We’ll need the first and second derivative of the vector function. Here are those.

\[\vec r'\left( t \right) = \left\langle {4, - 2t,6{t^2}} \right\rangle \hspace{0.5in}\vec r''\left( t \right) = \left\langle {0, - 2,12t} \right\rangle \] Show Step 2

Next, we need the cross product of these two derivatives. Here is that work.

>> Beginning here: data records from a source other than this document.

(* An earlier [w'] whose region met the descendants of [w] would dominate [w],
   hence lie above [id(w) = v], which dominates [w']. *)
Lemma region_upto_disjoint v s1 w s2 : ord v = s1 ++ w :: s2 ->
  forall z, connect E w z -> z \notin region_upto v s1.
Proof.
move=> Hs z Hwz; have [Dvw idw_min] : is_idom E root w v.
  by apply/mem_ord; rewrite Hs mem_cat mem_head orbT.
rewrite in_setU1 negb_or; apply/andP; split.
  by apply: contraNneq (dominates_connectN acyclic Dvw) => <-.
rewrite bigcup_seq; apply/bigcupP => -[w' Hw' /mem_region Hzw'].
have [Dvw' _] : is_idom E root w' v by apply/mem_ord; rewrite Hs mem_cat Hw'.
have [Nw'w Nww'] := ord_before_unreachable Hs Hw'.
have Dw'z : dominates E root w' z by case: Hzw' => // Ezw'; rewrite -Ezw' Hwz in Nww'.
have Hw'v : connect E w' v := idw_min w' (dominates_above rooted Dw'z Hwz Nww').
by have := dominates_connectN acyclic Dvw'; rewrite Hw'v.
Qed.

Lemma region_entry v s1 w s2 : ord v = s1 ++ w :: s2 ->
  forall z c, z \in region_upto v s1 -> E z c -> c \in region w -> c = w.
Proof.
move=> Hs z c Hz Ezc /mem_region[//|Dwc]; exfalso.
by move: Hz; rewrite (negbTE (region_upto_disjoint Hs (dominates_edge rooted Dwc Ezc))).
Qed.

Lemma dominates_ord v u : dominates E root v u -> exists2 w, w \in ord v & u \in region w.
Proof.
elim/(@top_down_ind _ E): u => u IH Dvu.
have Nur : u != root.
  by apply: contraTneq (rooted v) => <-; exact: (dominates_connectN acyclic Dvu).
have [d [Ddu dmin]] := idom_exists acyclic rooted Nur.
have [<-|Ndv] := eqVneq d v.
  by exists u; [apply/mem_ord | rewrite setU11].
have Dvd : dominates E root v d.
  by apply: (dominates_between acyclic rooted Dvu Ddu); [exact: dmin | rewrite eq_sym].
have [w Hw Hdw] := IH d (ndesc_dominates_lt acyclic Ddu) Dvd.
exists w => //; apply/mem_region; right.
by case/mem_region: Hdw => [<- //|Dwd]; exact: (dominates_trans acyclic Dwd Ddu).
Qed.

\[\vec r'\left( t \right) \times \vec r''\left( t \right) = \left| {\begin{array}{*{20}{c}}{\vec i}&{\vec j}&{\vec k}\\4&{ - 2t}&{6{t^2}}\\0&{ - 2}&{12t}\end{array}} \right| = - 24{t^2}\,\vec i - 8\vec k - 48t\,\vec j + 12{t^2}\,\vec i = - 12{t^2}\,\vec i - 48t\,\vec j - 8\vec k\] Show Step 3

We now need a couple of magnitudes.

\[\left\| {\vec r'\left( t \right) \times \vec r''\left( t \right)} \right\| = \sqrt {144{t^4} + 2304{t^2} + 64} \hspace{0.25in}\hspace{0.25in}\left\| {\vec r'\left( t \right)} \right\| = \sqrt {16 + 4{t^2} + 36{t^4}} \]

The curvature is then,

\[\kappa = \frac{{\left\| {\vec r'\left( t \right) \times \vec r''\left( t \right)} \right\|}}{{{{\left\| {\vec r'\left( t \right)} \right\|}^3}}} = \require{bbox} \bbox[2pt,border:1px solid black]{{\frac{{\sqrt {144{t^4} + 2304{t^2} + 64} }}{{{{\left( {16 + 4{t^2} + 36{t^4}} \right)}^{\frac{3}{2}}}}}}}\]

A fairly messy formula here, but these will often be that way.